03 September 2007

Proceed to Rock; Do Not Pass Go

#1-American Hardcore
dir: Paul Rachman, 2006

The first fifteen minutes of this doc make you feel like you're about to watch something special. But because I find most hardcore unlistenable and incredibly repetitive, I am much more intrigued with the contextual socio-political history that surrounded its uprising--which is exactly what the first fifteen minutes of the film address.

We begin with the ushering in of the great Reagan era; an era that slowly and forcefully saw the introduction of conservatism to its highest degree ever in America. In what amounted to a complete rejection of Jimmy Carter's soft, liberal methods, we were brought Reagan's sound byte slogan, "It's Morning in America." Keith Morris from the Circle Jerks makes a bomb sound with his mouth that is meant to represent the explosion of energy and rebeillion that was hardcore. Then, seemingly overnight according to the film, the American underground rose up, fully formed from the depths of oppression and proceeded to rock!

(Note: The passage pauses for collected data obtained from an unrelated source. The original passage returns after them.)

Lemma max_below_mem s u m : all (fun w => 0 < w) s -> m \in s -> m < u ->
  max_below s u \in s /\ max_below s u < u.
Proof.
move=> /allP s_pos ms mu; case: (max_belowP s u) => // m0.
by have := max_below_ge ms mu; rewrite m0 leqn0 => /eqP m_0; move: (s_pos m ms); rewrite m_0.
Qed.

Lemma mem_anc_fuel_max_below (p : nat -> nat) (s : seq nat) :
  all (fun w => 0 < w) s -> {in s, forall u, p u = max_below s u} ->
  forall n c x, c \in s -> c < n -> (x \in anc_fuel p n c) = (x \in s) && (x <= c).
Proof.
move=> /allP s_pos p_s; elim=> // n IH c x cs cn /=.
rewrite eqn0Ngt s_pos //= in_cons p_s //.
case: (max_belowP s c) => [m0 | [ms mc]].
  rewrite m0 (_ : anc_fuel p n 0 = [::]) ?orbF; last by case: n {IH cn}.
  apply/eqP/andP => [-> | [xs xc]]; first by rewrite cs.
  apply/eqP; rewrite eqn_leq xc leqNgt; apply/negP => x_lt.
  by move: (max_below_ge xs x_lt) (s_pos x xs); rewrite m0 leqn0 => /eqP ->.
rewrite IH //; last exact: leq_trans mc _.
case: (eqVneq x c) => [-> | xc] /=; first by rewrite cs leqnn.
case xs: (x \in s) => //=; apply/idP/idP => [x_le | x_le].
  exact: ltnW (leq_ltn_trans x_le mc).
by apply: max_below_ge => //; rewrite ltn_neqAle xc.
Qed.

Lemma root_min (T : tree) v : v \in verts T -> troot T <= v.
Proof.
rewrite /troot; elim: (verts T) (head 0 (verts T)) => //= a s IH d.
by rewrite in_cons => /orP[/eqP -> | vs]; rewrite geq_min ?leqnn ?IH ?orbT.
Qed.

Lemma root_mem (T : tree) : verts T != [::] -> troot T \in verts T.
Proof.
have foldr_min_mem d s : foldr minn d s \in d :: s.
  elim: s => /= [|a s IH]; first exact: mem_head.
  rewrite /minn; case: ifP => _; first by rewrite !inE eqxx orbT.
  by move: IH; rewrite !inE => /orP[-> | ->]; rewrite ?orbT.
rewrite /troot; case: (verts T) => // a s _.
by have := foldr_min_mem a (a :: s); rewrite in_cons => /orP[/eqP -> | ->]; rewrite ?mem_head.
Qed.

Section IncreasingTree.
Variable T : tree.
Hypothesis T_inc : is_inc_tree T.

Lemma inc_tree_pos v : v \in verts T -> 0 < v.
Proof. by case: T_inc => _ _ /allP T_pos _; apply: T_pos. Qed.

Lemma inc_tree_par v : v \in verts T -> v != troot T ->
  par T v \in verts T /\ par T v < v.
Proof. by case: T_inc => _ _ _ par_T vT /negbTE vr; have := par_T v vT; rewrite vr. Qed.

Lemma inc_tree_root_mem : troot T \in verts T.
Proof. by case: T_inc => _ T_ne _ _; apply: root_mem. Qed.

Lemma inc_tree_par_root : par T (troot T) = 0.
Proof. by case: T_inc => _ _ _ /(_ _ inc_tree_root_mem); rewrite eqxx. Qed.

Lemma anc_fuel_stable n m v : v \in verts T -> v < n -> v < m ->
  anc_fuel (par T) n v = anc_fuel (par T) m v.
Proof.
elim: n m v => // n IH [|m] // v vT vn vm /=.
rewrite eqn0Ngt inc_tree_pos //=; congr (_ :: _).
case: (eqVneq v (troot T)) => [-> | vr].
  by rewrite inc_tree_par_root; case: n {IH vn}; case: m {vm}.
have [pT pv] := inc_tree_par vT vr.
by apply: IH => //; apply: leq_trans pv _.
Qed.

Lemma chain_unfold v : v \in verts T ->
  chain T v = v :: (if v == troot T then [::] else chain T (par T v)).
Proof.
move=> vT; rewrite {1}/chain /= eqn0Ngt inc_tree_pos //=; congr (_ :: _).
case: (eqVneq v (troot T)) => [-> | vr].
  by rewrite inc_tree_par_root; case: (troot T).
have [pT pv] := inc_tree_par vT vr.
exact: anc_fuel_stable.
Qed.

Lemma chain_self v : v \in verts T -> v \in chain T v.
Proof. by move/chain_unfold ->; rewrite mem_head. Qed.

Lemma mem_chain v x : v \in verts T -> x \in chain T v -> (x \in verts T) && (x <= v).
Proof.
elim/ltn_ind: v => v IH vT; rewrite chain_unfold // in_cons.
case/orP => [/eqP -> | ]; first by rewrite vT leqnn.
case: ifP => // /negbT vr x_ch; have [pT pv] := inc_tree_par vT vr.
by case/andP: (IH _ pv pT x_ch) => -> x_le; apply: leq_trans x_le (ltnW pv).
Qed.

Lemma root_mem_chain v : v \in verts T -> troot T \in chain T v.
Proof.
elim/ltn_ind: v => v IH vT; rewrite chain_unfold // in_cons.
case: ifP => [/eqP -> | /negbT vr]; first by rewrite eqxx.
by have [pT pv] := inc_tree_par vT vr; rewrite IH ?orbT.
Qed.

Lemma chain_trans v b a : v \in verts T ->
  b \in chain T v -> a \in chain T b -> a \in chain T v.
Proof.
elim/ltn_ind: v b => v IH b vT; rewrite chain_unfold // !in_cons.
case/orP => [/eqP -> | ]; first by rewrite chain_unfold // in_cons.
case: ifP => // /negbT vr b_ch a_ch; have [pT pv] := inc_tree_par vT vr.
by rewrite (IH _ pv b pT b_ch a_ch) orbT.
Qed.

Lemma chain_uniq v : v \in verts T -> uniq (chain T v).
Proof.
elim/ltn_ind: v => v IH vT; rewrite chain_unfold //.
case: ifP => // /negbT vr; have [pT pv] := inc_tree_par vT vr.
rewrite /= IH // andbT; apply/negP => /(mem_chain pT) /andP[_ v_le].
by move: (leq_trans pv v_le); rewrite ltnn.
Qed.

Lemma chain_parent_prod (R : comPzSemiRingType) (f : nat -> R) v : v \in verts T ->
  (\prod_(x <- chain T v | x != troot T) f (par T x) = \prod_(x <- chain T v | x != v) f x)%R.
Proof.
elim/ltn_ind: v => v IH vT; rewrite chain_unfold //.
case: ifP => [/eqP -> | /negbT vr]; first by rewrite !big_cons eqxx !big_nil.
have [pT pv] := inc_tree_par vT vr.
rewrite !big_cons vr eqxx IH // -(bigD1_seq _ (chain_self pT) (chain_uniq pT)).
rewrite big_seq_cond [RHS]big_seq_cond; apply: eq_bigl => x.
case x_ch: (x \in chain T _) => //=; case/andP: (mem_chain pT x_ch) => _ x_le.
by apply/esym/eqP => x_v; move: (leq_ltn_trans x_le pv); rewrite x_v ltnn.
Qed.

End IncreasingTree.

(** * Splicing *)

Lemma verts_spl T1 v1 T2 v2 : verts (spl T1 v1 T2 v2) = verts T1 ++ verts T2.
Proof. by []. Qed.

(* Ancestry in [T] survives when the chain of [T] through [v] is rearranged
   into [s] and the rest of [T] is attached to [S] unchanged. *)
Lemma chain_graft (T S : tree) (s : seq nat) v :
  is_inc_tree T -> is_inc_tree S -> v \in verts T -> {subset verts T <= verts S} ->
  all (fun w => 0 < w) s -> {in s, forall u, par S u = max_below s u} ->
  {in verts T, forall x, (x \in s) = (x \in chain T v)} ->
  {in verts T, forall u, u \notin s -> par S u = par T u} -> troot S \in s ->
  forall b a, b \in verts T -> a \in chain T b -> a \in chain S b.
Proof.
move=> T_inc S_inc vT TS s_pos par_s s_chain par_out rS.
elim/ltn_ind => b IH a bT a_ch; case bs: (b \in s).
  have a_chv := chain_trans T_inc vT (etrans (esym (s_chain b bT)) bs) a_ch.
  case/andP: (mem_chain T_inc bT a_ch) => aT ab.
  by rewrite /chain (mem_anc_fuel_max_below s_pos par_s) // ab s_chain // a_chv.
have bT_root : b != troot T.
  by apply: contraFneq bs => ->; rewrite s_chain ?inc_tree_root_mem ?root_mem_chain.
have bS_root : b != troot S by apply: contraFneq bs => ->.
move: a_ch; rewrite (chain_unfold T_inc bT) (chain_unfold S_inc (TS _ bT)).
rewrite (negbTE bT_root) (negbTE bS_root) !in_cons => /orP[-> // | a_ch].
have [pT pb] := inc_tree_par T_inc bT bT_root.
by rewrite par_out ?bs // IH ?orbT.
Qed.

Definition parent_prod (R : comPzSemiRingType) (f : nat -> R) (T : tree) : R :=
  (\prod_(v <- verts T | v != troot T) f (par T v))%R.

Lemma prod_pow_sons (R : comPzSemiRingType) (f : nat -> R) (T : tree) : is_inc_tree T ->
  (\prod_(i <- verts T) f i ^+ sons T i)%R = parent_prod f T.
Proof.
move=> T_inc.
have sons_prod i : (f i ^+ sons T i =
    \prod_(v <- verts T) if (v != troot T) && (par T v == i) then f i else 1)%R.
  by rewrite -big_mkcond big_const_seq iter_mulr_1.
rewrite (eq_bigr _ (fun i _ => sons_prod i)) exchange_big /parent_prod [RHS]big_mkcond.
apply: eq_big_seq => v vT /=; case: (eqVneq v (troot T)) => [-> | vr] /=.
  by rewrite big1.
have [pT _] := inc_tree_par T_inc vT vr.
rewrite -big_mkcond -big_filter /= (eq_filter (a2 := pred1 (par T v))).
  by rewrite filter_pred1_uniq ?big_seq1 //; case: T_inc.
by move=> i /=; rewrite eq_sym.
Qed.

Lemma parent_prod_chain (R : comPzSemiRingType) (f : nat -> R) (T : tree) v (s : seq nat) :
  is_inc_tree T -> v \in verts T ->
  {in verts T, forall x, (x \in s) = (x \in chain T v)} ->
  parent_prod f T = (\prod_(x <- chain T v | x != v) f x *
                     \prod_(u <- verts T | u \notin s) f (par T u))%R.
Proof.
move=> T_inc vT s_chain; rewrite /parent_prod (bigID (fun u => u \in s)) /=.
have rs : troot T \in s by rewrite s_chain ?inc_tree_root_mem ?root_mem_chain.
congr (_ * _)%R; last first.
  by apply: eq_bigl => u; case: (eqVneq u (troot T)) => [-> | _]; rewrite ?rs.
rewrite (eq_bigl (fun u => (u \in s) && (u != troot T))); last by move=> u; rewrite andbC.
rewrite -big_filter_cond -(chain_parent_prod T_inc f vT); apply: perm_big.
apply: uniq_perm; [by apply: filter_uniq; case: T_inc | exact: chain_uniq |].
move=> x; rewrite mem_filter; case xT: (x \in verts T); first by rewrite s_chain ?andbT.
by rewrite andbF; apply/esym/negP => /(mem_chain T_inc vT); rewrite xT.
Qed.

Section Splice.
Variables (T1 T2 : tree) (v1 v2 : nat).
Hypotheses (T1_inc : is_inc_tree T1) (T2_inc : is_inc_tree T2).
Hypotheses (v1T1 : v1 \in verts T1) (v2T2 : v2 \in verts T2).
Hypothesis T12_disj : {in verts T1, forall x, x \notin verts T2}.

Local Notation S := (spl T1 v1 T2 v2).
Local Notation C := (chain T1 v1 ++ chain T2 v2).

Let chain1_sub x : x \in chain T1 v1 -> x \in verts T1.
Proof. by case/(mem_chain T1_inc v1T1)/andP. Qed.

Let chain2_sub x : x \in chain T2 v2 -> x \in verts T2.
Proof. by case/(mem_chain T2_inc v2T2)/andP. Qed.

Let C_sub : {subset C <= verts S}.
Proof.
by move=> x; rewrite verts_spl !mem_cat => /orP[/chain1_sub | /chain2_sub] ->; rewrite ?orbT.
Qed.

Let C_pos : all (fun w => 0 < w) C.
Proof.
by apply/allP => x; rewrite mem_cat => /orP[/chain1_sub | /chain2_sub]; apply: inc_tree_pos.
Qed.

Let C_uniq : uniq C.
Proof.
rewrite cat_uniq !chain_uniq //= andbT; apply/hasPn => x /chain2_sub xT2.
by apply/negP => /chain1_sub /T12_disj; rewrite xT2.
Qed.

Let C_chain1 : {in verts T1, forall x, (x \in C) = (x \in chain T1 v1)}.
Proof.
move=> x xT1; rewrite mem_cat; case x2: (x \in chain T2 v2); rewrite ?orbF //.
by move: (T12_disj xT1); rewrite (chain2_sub x2).
Qed.

Let C_chain2 : {in verts T2, forall x, (x \in C) = (x \in chain T2 v2)}.
Proof.
move=> x xT2; rewrite mem_cat; case x1: (x \in chain T1 v1) => //.
by move: (T12_disj (chain1_sub x1)); rewrite xT2.
Qed.

Let par_C : {in C, forall u, par S u = max_below C u}.
Proof. by move=> u uC; rewrite /par /= uC. Qed.

Let par_out1 : {in verts T1, forall u, u \notin C -> par S u = par T1 u}.
Proof. by move=> u uT1 /negbTE uC; rewrite /par /= uC uT1. Qed.

Let par_out2 : {in verts T2, forall u, u \notin C -> par S u = par T2 u}.
Proof.
move=> u uT2 /negbTE uC; rewrite /par /= uC.
by case uT1: (u \in verts T1) => //; move: (T12_disj uT1); rewrite uT2.
Qed.

Let root_C : troot S \in C.
Proof.
have S_ne : verts S != [::] by rewrite verts_spl; case: T1_inc => _; case: (verts T1).
have rS := root_mem S_ne; move: (rS); rewrite verts_spl mem_cat => /orP[rT | rT].
  have -> : troot S = troot T1.
    by apply/eqP; rewrite eqn_leq root_min ?root_min // verts_spl mem_cat inc_tree_root_mem.
  by rewrite mem_cat root_mem_chain.
have -> : troot S = troot T2.
  by apply/eqP; rewrite eqn_leq root_min ?root_min // verts_spl mem_cat inc_tree_root_mem ?orbT.
by rewrite mem_cat root_mem_chain ?orbT.
Qed.

Lemma spl_inc : is_inc_tree S.
Proof.
split.
- rewrite verts_spl cat_uniq; case: T1_inc => -> _ _ _; case: T2_inc => -> _ _ _.
  by rewrite andbT /=; apply/hasPn => x xT2; apply: contraL xT2 => /T12_disj.
- by rewrite verts_spl; case: T1_inc => _; case: (verts T1).
- by rewrite verts_spl all_cat; case: T1_inc => _ _ -> _; case: T2_inc => _ _ -> _.
move=> v vS; case vC: (v \in C).
  rewrite par_C //; case: ifP => [/eqP -> | /negbT vr].
    by apply: max_below_eq0 => w /C_sub; apply: root_min.
  have rv : troot S < v by rewrite ltn_neqAle eq_sym vr root_min.
  by have [? ?] := max_below_mem C_pos root_C rv; split => //; apply: C_sub.
rewrite ifN; last by apply: contraFneq vC => ->.
move: vS; rewrite verts_spl mem_cat => /orP[vT | vT].
  have vr : v != troot T1.
    by apply: contraFneq vC => ->; rewrite C_chain1 ?inc_tree_root_mem ?root_mem_chain.
  have [pT pv] := inc_tree_par T1_inc vT vr.
  by rewrite par_out1 ?vC // mem_cat pT.
have vr : v != troot T2.
  by apply: contraFneq vC => ->; rewrite C_chain2 ?inc_tree_root_mem ?root_mem_chain.
have [pT pv] := inc_tree_par T2_inc vT vr.
by rewrite par_out2 ?vC // mem_cat pT orbT.
Qed.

What could have been an incredibly insightful documentary exploring the movement that was hardcore and it's reactionary/visionary focus, instead suffers from the same fate that befell this category of music: an unraveling from lack of attention span.

Hardcore, I suppose, was meant to burn out bright and leave a trail of dust and dead in its wake. But you'd never guess that from this chaotic documentary that barely pauses to develop any sense of a timeline. Viewers are bounced thoughtlessly back and forth from the east coast to the west coast and then dropped off somewhere in the mid-west (with no mention of Husker Du, either) before arriving back in Washington, D.C. for one purpose: to extol the awesomeness of Bad Brains.

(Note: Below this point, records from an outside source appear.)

Definition term (p q n : nat) : R :=
  cot (PI * INR n / INR p) * cot (PI * INR n / INR q)
  / (sin (PI * INR n / INR (p * q)) ^ 2).

Definition admissible (p q n : nat) : bool :=
  (1 <=? n)%nat && negb (n mod p =? 0)%nat && negb (n mod q =? 0)%nat.

Definition the_sum (p q : nat) : R :=
  sum_filter (admissible p q) (term p q) (p * q - 1).

From Stdlib Require Import Reals Arith ZArith Lia Lra.
Open Scope R_scope.

(* With N = pq, the finite Fourier expansions
     cot (pi n / m) = - (2/m) sum_{j<m} j sin (2 pi j n / m)              (m does not divide n),
     1 / sin^2 (pi n / N) = - (2/N) sum_{j<N} j (N - j) cos (2 pi j n / N)   (N does not divide n)
   turn the summand into a triple sum of products sin * sin * cos.  Summing over n first,
   orthogonality modulo N leaves only congruence conditions, and the whole sum becomes
     - (4/N) sum_{x<p} sum_{y<q} x y (B (xq - yp) - B (xq + yp)),   B M = r (N - r), r = M mod N.
   When q = kp + eps with eps = 1 or -1, the residues of xq - yp and xq + yp are explicit on two
   ranges of y each, so the inner sum is the polynomial k^2 p q (q + 2 eps) / 3 * x (x - p) (2x - p),
   and the outer sum is a sum of powers. *)

Fixpoint sumR (n : nat) (f : nat -> R) : R :=
  match n with O => 0 | S k => sumR k f + f k end.

Lemma sumR_ext n f g : (forall i, (i < n)%nat -> f i = g i) -> sumR n f = sumR n g.
Proof.
  induction n as [|n IH]; intros H; simpl; [reflexivity|].
  rewrite IH, H by (try intros; try apply H; lia); reflexivity.
Qed.

Lemma sumR_add n f g : sumR n (fun i => f i + g i) = sumR n f + sumR n g.
Proof. induction n as [|n IH]; simpl; [lra|]. rewrite IH; lra. Qed.

Lemma sumR_sub n f g : sumR n (fun i => f i - g i) = sumR n f - sumR n g.
Proof. induction n as [|n IH]; simpl; [lra|]. rewrite IH; lra. Qed.

Lemma sumR_scal n c f : sumR n (fun i => c * f i) = c * sumR n f.
Proof. induction n as [|n IH]; simpl; [lra|]. rewrite IH; lra. Qed.

Lemma sumR_mul_r n f c : sumR n f * c = sumR n (fun i => f i * c).
Proof. induction n as [|n IH]; simpl; [lra|]. rewrite <- IH; lra. Qed.

Lemma sumR_eq0 n f : (forall i, (i < n)%nat -> f i = 0) -> sumR n f = 0.
Proof.
  induction n as [|n IH]; intros H; simpl; [reflexivity|].
  rewrite IH, H by (try intros; try apply H; lia); lra.
Qed.

Lemma sumR_const n c : sumR n (fun _ => c) = INR n * c.
Proof. induction n as [|n IH]; cbn [sumR]; [simpl; ring|]. rewrite IH, S_INR; ring. Qed.

Lemma sumR_swap n m f :
  sumR n (fun i => sumR m (fun j => f i j)) = sumR m (fun j => sumR n (fun i => f i j)).
Proof.
  induction n as [|n IH]; simpl.
  - symmetry; apply sumR_eq0; reflexivity.
  - rewrite IH, <- sumR_add; reflexivity.
Qed.

Lemma sumR_mul n m f g :
  sumR n f * sumR m g = sumR n (fun i => sumR m (fun j => f i * g j)).
Proof.
  induction n as [|n IH]; simpl; [lra|].
  rewrite <- IH, Rmult_plus_distr_r, <- (sumR_scal m (f n)); reflexivity.
Qed.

Yes, Bad Brains is awesome. Yes, they were a truly original hardcore band. Yes, they were four black guys. And in the meantime probably a thousand other bands had the seed of hardcore in their ears after hearing "Pay to Cum." That still doesn't merit a full fifteen minutes of coverage in a 90 minute doc. The bands that do get focus before and after Bad Brains are lukewarm and mid-level players at best (Cro-Mags? The Necros? come on...).

What thrilled me most about the film was the notion that hardcore imploded in on itself through physical violence done to each other, not outwardly focused on the true origins of their rebellion. Ian Mackye retells an interesting story about when he knew hardcore had died. And it really only last about four years--up until Reagan's re-election.

Guess the fury of music can't really change the tides of the political process. So, how come no one's made a doc that focuses on that aspect of hardcore?